I promised myself to come back to this forum if I ever did get back together with my ex, which is why I'm here now we've been together for 3 weeks already and this new relationship with him is just going so much more better than the old.
We broke up officially in November, not even a week into my NC he started dating another girl and giving her all I wanted out of him. I was heartbroken. Really heartbroken.
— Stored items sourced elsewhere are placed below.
(* Fix $p\in(0,1)$ and $u\in(0,1)$, and let $\Theta_\infty(u)$ be the random variable defined in the context. Then for $k=1,2,\dots$, $$E[\Theta_\infty^k(u)]=\frac{1-p}{1-pu^k-(1-p)(1-u)^k}\sum_{j=0}^{k-1}\binom kj u^{k-j}(1-u)^jE[\Theta_\infty^j(u)].$$
   Context: Let $G_0,G_1,\dots$ be IID random variables with $P(G_0=n)=p^{n-1}(1-p)$ for $n\in\{1,2,\dots\}$, let $T_k=G_0+\dots+G_k$, and define $\Theta_\infty(u)=\sum_{k=0}^\infty u^{T_k}\left(\frac{1-u}{u}\right)^k$. (Its law is the unique probability measure $\mu_u$ on $[0,1]$ with $\mu_u=(1-p)\mu_u\circ S_0^{-1}+p\,\mu_u\circ S_1^{-1}$, where $S_0(x)=u+(1-u)x$, $S_1(x)=ux$.) Here $E[\Theta_\infty^0(u)]=1$. *)

From HB Require Import structures.
From mathcomp Require Import all_boot all_order all_algebra.
From mathcomp Require Import all_classical all_reals all_analysis.
Set Implicit Arguments. Unset Strict Implicit. Unset Printing Implicit Defensive.
Import Order.TTheory GRing.Theory Num.Theory.
Local Open Scope ring_scope.
Local Open Scope classical_set_scope.

Definition Tsum (T : Type) (G : nat -> T -> nat) (k : nat) (t : T) : nat :=
  (\sum_(i < k.+1) G i t)%N.

Definition Theta (R : realType) (T : Type) (u : R) (G : nat -> T -> nat) (t : T) : R :=
  limn (fun n => \sum_(k < n) (u ^+ Tsum G k t * ((1 - u) / u) ^+ k)).

(* G_0, G_1, ... are IID with P(G_i = n) = p^(n-1) (1-p), n >= 1:
   each G_i takes values in {1,2,...}, the events {G_i = n} are measurable,
   and the joint pmf of (G_0,...,G_n) is the product of geometric pmfs. *)
Definition iid_geometric (d : measure_display) (T : measurableType d) (R : realType)
  (P : probability T R) (p : R) (G : nat -> T -> nat) : Prop :=
  [/\ (forall i t, (0 < G i t)%N),
      (forall i n, measurable (G i @^-1` [set n]))
    & (forall (n : nat) (v : nat -> nat), (forall i, (0 < v i)%N) ->
        P [set t | forall i, (i <= n)%N -> G i t = v i] =
        (\prod_(i < n.+1) (p ^+ (v i).-1 * (1 - p)))%:E)].

From HB Require Import structures.
From mathcomp Require Import all_boot all_order all_algebra.
From mathcomp Require Import all_classical all_reals all_analysis.
From mathcomp Require Import measurable_realfun ring lra.
Import Order.TTheory GRing.Theory Num.Theory numFieldNormedType.Exports.
Set Implicit Arguments.
Unset Strict Implicit.
Local Open Scope ring_scope.
Local Open Scope classical_set_scope.

(* Splitting off G_0, the partial sums Θ_N = Σ_{k<N} u^{T_k} ((1-u)/u)^k satisfy
   Θ_{N+1} = u^{G_0 - 1} (u + (1-u) Θ'_N), where Θ'_N is Θ_N built from G_1, G_2, ...,
   hence independent of G_0 and distributed as Θ_N.  Expanding the k-th power and
   using E[u^{k (G_0 - 1)}] = (1-p)/(1 - p u^k) gives
     E[Θ_{N+1}^k] = (1-p)/(1 - p u^k) Σ_{j<=k} C(k,j) u^{k-j} (1-u)^j E[Θ_N^j].
   As 0 <= Θ_N <= 1, dominated convergence lets N tend to infinity; the term j = k
   then contains E[Θ^k] again, and solving for it gives the formula.
   Independence enters only through the joint pmf: expectations of functions of
   G_0, ..., G_(N-1) are computed as iterated series against the geometric weights. *)

Definition vcons (m : nat) (v : nat -> nat) : nat -> nat :=
  fun i => if i is i'.+1 then v i' else m.

Definition update (a : nat -> nat) (j m : nat) : nat -> nat :=
  fun i => if i == j then m else a i.

Definition splice (a : nat -> nat) (j : nat) (v : nat -> nat) : nat -> nat :=
  fun i => if (i < j)%N then a i else v (i - j)%N.

Definition prefix_dep (U : Type) (F : (nat -> nat) -> U) (n : nat) :=
  forall v w, (forall i, (i < n)%N -> v i = w i) -> F v = F w.

Lemma vcons_head_tail v : vcons (v 0%N) (fun i => v i.+1) = v.
Proof. by apply/funext => -[]. Qed.

Lemma splice0 a v : splice a 0 v = v.
Proof. by apply/funext => i; rewrite /splice ltn0 subn0. Qed.

Lemma splice_update a j m v : splice (update a j m) j.+1 v = splice a j (vcons m v).
Proof.
apply/funext => i; rewrite /splice /update.
case: (ltngtP i j) => [ij|ji|->].
- by rewrite (ltn_trans ij (ltnSn j)).
- by rewrite ltnS leqNgt ji /= -(subnSK ji).
- by rewrite ltnSn subnn.
Qed.

Section geometric.
Variables (R : realType) (p : R).
Hypotheses (p_ge0 : 0 <= p) (p_le1 : p <= 1).

Definition geom_pmf (m : nat) : R := if m is m'.+1 then p ^+ m' * (1 - p) else 0.

Lemma geom_pmf_ge0 m : 0 <= geom_pmf m.
Proof. by case: m => [|m] //=; rewrite mulr_ge0 ?exprn_ge0 // subr_ge0. Qed.

Lemma geom_pgf x : 0 <= x < 1 ->
  (\sum_(m <oo) (geom_pmf m * x ^+ m.-1)%:E = ((1 - p) / (1 - p * x))%:E)%E.
Proof.
case/andP => x_ge0 x_lt1.
have px_lt1 : `|p * x| < 1.
  by rewrite ger0_norm ?mulr_ge0 // (le_lt_trans _ x_lt1) // ler_piMl.
pose f m := geom_pmf m * x ^+ m.-1.
have f_cvg : series f @ \oo --> (1 - p) / (1 - p * x).
  have geo_cvg := @cvg_geometric_series _ (1 - p) _ px_lt1.
  rewrite -cvg_shiftS; apply: cvg_trans geo_cvg.
  apply: near_eq_cvg; apply: nearW => n /=.
  rewrite /series /= big_nat_recl //= /f /= mul0r add0r.
  by apply: eq_bigr => i _; rewrite /geometric /= exprMn; ring.
transitivity (limn (EFin \o series f)).
  by congr (limn _); apply/funext => n; rewrite /= /series /= sumEFin.
by rewrite EFin_lim ?(cvg_lim _ f_cvg) //; apply/cvg_ex; exists ((1 - p) / (1 - p * x)).
Qed.

(* [geomE N F] is the expectation of [F (V_0, ..., V_(N-1), 0, 0, ...)] for
   independent geometric V_i, computed as an iterated series. *)
Fixpoint geomE (N : nat) (F : (nat -> nat) -> R) : \bar R :=
  match N with
  | 0 => (F (fun=> 0%N))%:E
  | N'.+1 => (\sum_(m <oo) ((geom_pmf m)%:E * geomE N' (fun v => F (vcons m v))))%E
  end.

Lemma geomE_ge0 N F : (forall v, 0 <= F v) -> (0 <= geomE N F)%E.
Proof.
elim: N F => [|N IH] F F_ge0 /=; first by rewrite lee_fin.
apply: nneseries_ge0 => m _ _; apply: mule_ge0; first by rewrite lee_fin geom_pmf_ge0.
exact: IH.
Qed.

Lemma geomE_Zl N c F : 0 <= c -> (forall v, 0 <= F v) ->
  geomE N (fun v => c * F v) = (c%:E * geomE N F)%E.
Proof.
move=> c_ge0; elim: N F => [|N IH] F F_ge0 //=.
rewrite -nneseriesZl; last first.
  by move=> m _; rewrite mule_ge0 ?lee_fin ?geom_pmf_ge0 ?geomE_ge0.
by apply: eq_eseriesr => m _; rewrite IH // muleCA.
Qed.

Lemma geomE_sum N k (F : nat -> (nat -> nat) -> R) : (forall j v, 0 <= F j v) ->
  geomE N (fun v => \sum_(j < k) F j v) = (\sum_(j < k) geomE N (F j))%E.
Proof.
elim: N F => [|N IH] F F_ge0 /=; first by rewrite sumEFin.
have term_ge0 j m : (0 <= (geom_pmf m)%:E * geomE N (fun v => F j (vcons m v)))%E.
  by rewrite mule_ge0 ?lee_fin ?geom_pmf_ge0 ?geomE_ge0.
rewrite -nneseries_sum //; apply: eq_eseriesr => m _.
by rewrite (IH (fun j v => F j (vcons m v))) // ge0_sume_distrr // => j _; rewrite geomE_ge0.
Qed.

Lemma geomE_vcons N F (f : nat -> R) (g : (nat -> nat) -> R) :
  (forall m, 0 <= f m) -> (forall v, 0 <= g v) -> geomE N g \is a fin_num ->
  (forall m v, (0 < m)%N -> F (vcons m v) = f m * g v) ->
  geomE N.+1 F = ((\sum_(m <oo) (geom_pmf m * f m)%:E) * geomE N g)%E.
Proof.
move=> f_ge0 g_ge0 g_fin Fe /=.
transitivity (\sum_(m <oo) ((geom_pmf m * f m)%:E * geomE N g))%E.
  apply: eq_eseriesr => -[|m] _; first by rewrite /= !mul0r !mul0e.
  under eq_fun do rewrite Fe //.
  by rewrite geomE_Zl // muleA -EFinM.
rewrite -(fineK g_fin) [in RHS]muleC -nneseriesZl.
  by apply: eq_eseriesr => m _; rewrite muleC.
by move=> m _; rewrite lee_fin mulr_ge0 ?geom_pmf_ge0.
Qed.

End geometric.

Definition sample (T : Type) (G : nat -> T -> nat) (t : T) : nat -> nat :=
  fun i => G i t.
I ended up needing therapy and pulled myself out of depression.
Honestly though I wouldn't have changed the events that happened I went from miserable codependant with a boyfriend that didn't give me anything to having 2 jobs, back in college and on track to get my own car and apartment again.
I also was seeing someone else I thought was much better than my ex until earlier this month, he was the sweetest thing in the world at first, and then he started showing some abusive qualities my ex's timing was great, I can't say that I would've stayed away from the new guy after he promised change and seemed to be the sweetheart I first met.
We openly talk about our "rebounds" his was more of a rebound than mine... I learned he met the girl off Tinder and moved fast out of loneliness, but the relationship was solely based on their children getting along.
Quite honestly, if the other guy didn't show these red flags(hitting and throwing the cat, throwing things at me, being overly possessive after 1 month, etc) I would've stayed with him. I do miss him still. I just hope I'm not actually rebounding off him with my ex...
I made my ex bend over backwards to come back too, and to show he changed for the better. So far so good
This thread helped me a lot during my healing process, I'd read it for hope that he'd return until I no longer needed that hope as a crutch and walked away. I believe that's what helped him to come back, just me letting go of any possibility and living in what's going on in the present. So thanks everyone who's written their stories on here, and who's given me support.